Each occupied voxel is drawn as an axis-aligned cube, giving the scene a Minecraft-like look that makes the discrete sparse-conv grid structure obvious. The scene refreshes at most once every viz.interval_seconds seconds so it never stalls the training loop.

# Train + visualize
python examples/train/scannet.py viz.enabled=true viz.port=8080 viz.interval_seconds=10
# Open http://localhost:8080

viser full UI — three side-by-side cube scenes + GUI sidebar

The three panels (input · GT · prediction) use the same camera and identical voxelization, so misclassified voxels jump out as color speckles when the right panel diverges from the middle one.

viser cube panels close-up

The GUI sidebar surfaces live metrics — total occupied voxels, voxel-level accuracy of the current frame, and the current epoch / step — alongside a class-color legend matching the standard ScanNet 20-class palette.

viser GUI sidebar with class legend

About these screenshots

The screenshots above were captured by running the visualizer against a hand-crafted synthetic mini-room (no GPU, no ScanNet data, no checkpoint required).
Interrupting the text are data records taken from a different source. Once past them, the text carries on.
(* Let $I$ be an index set of non-measurable cardinality and $H$ the group $\mathbb Z^{(I)}$ with the topology of pointwise convergence on $\mathbb Z^I$. Let $\bar t\in\mathbb T^I$ be such that $\bar t(i)=\frac{p_i}{q_i}t_0$ (modulo $1$) for all $i\in I$, where $p_i,q_i$ are relatively prime integers for each $i$, and $t_0$ is either an irrational number or $1$. Then $\bar t\in\widehat H$ if and only if the family $(|q_i|)_{i\in I}$ is bounded.
   Context: $\mathbb Z^{(I)}$ is the group of finitely supported functions $I\to\mathbb Z$, paired with $\mathbb Z^I$ by $\langle\bar g,\bar x\rangle=\sum_i\bar g(i)\bar x(i)$; $H$ carries the weakest topology making all maps $\bar g\mapsto\langle\bar g,\bar x\rangle\in\mathbb Z$ ($\mathbb Z$ discrete) continuous. $\mathbb T=\mathbb R/\mathbb Z$, identified with $(-1/2,1/2]$. An element $\bar t\in\mathbb T^I$ is identified with the homomorphism $H\to\mathbb T$, $\bar g\mapsto\sum_i\bar g(i)\bar t(i)$, and $\widehat H$ (continuous homomorphisms $H\to\mathbb T$) is thereby a subgroup of $\mathbb T^I$. *)

From HB Require Import structures.
From mathcomp Require Import all_boot all_order all_algebra.
From mathcomp Require Import boolp classical_sets functions cardinality fsbigop reals.
Set Implicit Arguments. Unset Strict Implicit. Unset Printing Implicit Defensive.
Import Order.TTheory GRing.Theory Num.Theory.
Local Open Scope classical_set_scope.
Local Open Scope ring_scope.

Definition ulam_measurable (I : Type) : Prop :=
  exists U : set (set I),
    U setT /\ ~ U set0 /\
    (forall A B, U A -> A `<=` B -> U B) /\
    (forall A, U A \/ U (~` A)) /\
    (forall F : nat -> set I, (forall n, U (F n)) -> U (\bigcap_n F n)) /\
    (forall i, ~ U [set i]).
Definition LXrow l (j : 'I_l.+1) : word l.*2 := ev_mono (LXsupp l j).

Lemma cLX_sum l (c : {ffun 'I_l.+1 -> 'F_2}) : cLX c = \sum_j scalew (c j) (LXrow j).
Proof.
by apply/ffunP => a; rewrite sum_ffunE ffunE; apply: eq_bigr => j _; rewrite !ffunE.
Qed.

Section PhantomCode.
Variable l : nat.
Hypothesis l_gt0 : (0 < l)%N.
Variable sg : 'I_l.*2 -> 'I_l.*2.
Hypothesis sgK : involutive sg.
Hypothesis sg_high : forall i : 'I_l.*2, (l < i)%N -> sg i = rev_ord i.

Lemma card_LXsupp (j : 'I_l.+1) : (#|LXsupp l j| <= l)%N.
Proof.
rewrite cardE -(size_map val).
apply: (leq_trans (uniq_leq_size (s2 := rcons (iota 0 l.-1) (l.-1 + j)) _ _)).
- by rewrite (map_inj_uniq val_inj) enum_uniq.
- move=> x /mapP[i]; rewrite mem_enum /LXsupp inE => /orP[H|/eqP H] ->;
    rewrite mem_rcons inE mem_iota ?H ?eqxx //=.
  by apply/orP; right; lia.
- by rewrite size_rcons size_iota; lia.
Qed.

Lemma qform_RM_gen b (S : {set 'I_l.*2}) :
  (#|S| <= l.-1)%N -> qform sg (scalew b (ev_mono S)) = 0.
Proof. by move=> S_small; rewrite qformZ /qform (cross_mono_small sgK) ?mulr0 //; lia. Qed.

Lemma polar_RM_gen b b' (S T : {set 'I_l.*2}) : (#|S| <= l.-1)%N -> (#|T| <= l)%N ->
  polar sg (scalew b (ev_mono S)) (scalew b' (ev_mono T)) = 0.
Proof.
by move=> S_small T_small; rewrite (polarZ sgK) (polar_mono_small sgK) ?mulr0 //; lia.
Qed.

(* Row [j >= 2] contains the coordinate [l-1+j], which [sg] sends to [l-j < l-1],
   a coordinate contained in every row. *)
Lemma cross_LXrow_high (k j : 'I_l.+1) : (2 <= j)%N -> cross sg (LXrow k) (LXrow j) = 0.
Proof.
move=> j_ge2; have lt_idx : (l.-1 + j < l.*2)%N by have := ltn_ord j; lia.
apply: (cross_mono_clash sgK (i := sg (Ordinal lt_idx))).
  by rewrite !inE sg_high /=; have := ltn_ord j; lia.
by rewrite sgK !inE /= eqxx orbT.
Qed.

Lemma qform_LXrow_high b (j : 'I_l.+1) : (2 <= j)%N -> qform sg (scalew b (LXrow j)) = 0.
Proof. by move=> j_ge2; rewrite qformZ /qform cross_LXrow_high ?mulr0. Qed.

Lemma polar_LXrow_high b b' (k j : 'I_l.+1) : (2 <= j)%N ->
  polar sg (scalew b (LXrow k)) (scalew b' (LXrow j)) = 0.
Proof. by move=> j_ge2; rewrite (polarZ sgK) /polar cross_LXrow_high ?mulr0. Qed.

Lemma qform_coset c s : s \in RM l.-1 l.*2 ->
  qform sg (cLX c + s) =
  qform sg (scalew (c ord0) (LXrow ord0) + scalew (c (inord 1)) (LXrow (inord 1))).
Proof.
case/RM_sum => beta ->; rewrite cLX_sum.
rewrite (bigD1 ord0) //= (bigD1 (inord 1)) /=; last by rewrite -val_eqE /= inordK.
rewrite (eq_bigl (fun j : 'I_l.+1 => (2 <= j)%N)); last first.
  by move=> j; rewrite -!val_eqE /= inordK //; case: j => [[|[|j]] ?].
set r0 := scalew _ (LXrow ord0); set r1 := scalew _ (LXrow (inord 1)).
set R := \sum_(j | _) _; set s0 := \sum_(S | _) _.
have R_null : qform sg R = 0.
  by apply: qform_sum => // [j|j k] *; [apply: qform_LXrow_high|apply: polar_LXrow_high].
have s0_null : qform sg s0 = 0.
  apply: qform_sum => // [S|S T] *; first exact: qform_RM_gen.
  by apply: polar_RM_gen => //; apply: leq_trans (leq_pred l).
have R_s0 : polar sg R s0 = 0.
  rewrite polar_sumr big1 // => S S_small; rewrite polarC // polar_sumr big1 // => j _.
  by apply: polar_RM_gen => //; apply: card_LXsupp.
have R_row b k : polar sg (scalew b (LXrow k)) R = 0.
  by rewrite polar_sumr big1 // => j; apply: polar_LXrow_high.
have s0_row b k : polar sg (scalew b (LXrow k)) s0 = 0.
  rewrite polar_sumr big1 // => S S_small; rewrite polarC //.
  by apply: polar_RM_gen => //; apply: card_LXsupp.
have -> : r0 + (r1 + R) + s0 = (r0 + r1) + (R + s0) by rewrite !addrA.
rewrite qform_addr_null //.
  by rewrite qformD // R_null s0_null R_s0 !addr0.
by rewrite polarDl // !polarDr !R_row !s0_row !addr0.
Qed.

Lemma Fcirc_logical tau c : tau =1 twist sg ->
  Fcirc tau (logical c) = [ffun x => 'i ^+ val
    (qform sg (scalew (c ord0) (LXrow ord0) + scalew (c (inord 1)) (LXrow (inord 1))))
    * logical c x].
Proof.
move=> tauE; apply/ffunP => x; rewrite ffunE [RHS]ffunE (eq_Fphase tauE).
case: (boolP [exists s, (s \in RM l.-1 l.*2) && (x == cLX c + s)]).
  case/existsP => s /andP[s_RM /eqP ->].
  by rewrite (Fphase_qform sgK (qform_coset c s_RM)).
move=> not_coset; suff -> : logical c x = 0 by rewrite !mulr0.
rewrite ffunE big1 // => s s_RM; case: eqP => // x_coset; case/negP: not_coset.
by apply/existsP; exists s; rewrite s_RM x_coset eqxx.
Qed.

End PhantomCode.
Regenerate them with:

```bash
pip install viser trimesh playwright
playwright install chromium
python docs/examples/scripts/capture_viser_screenshots.py
```

Expected output¶

Each epoch prints a progress bar followed by test-set evaluation with accuracy and mean IoU:

Train Epoch: 1 Loss:  2.143: 100%|██████████| 104/104
Test set: Average loss:  1.8234, Accuracy:  42.15%, mIoU:  18.73%

After 100 epochs with default settings, expect roughly:

Overall accuracy: ~75-80%
mIoU: ~55-65%

Results will vary with augmentation, model choice, and voxel size. This example is intended as a starting point, not a benchmark-tuned recipe.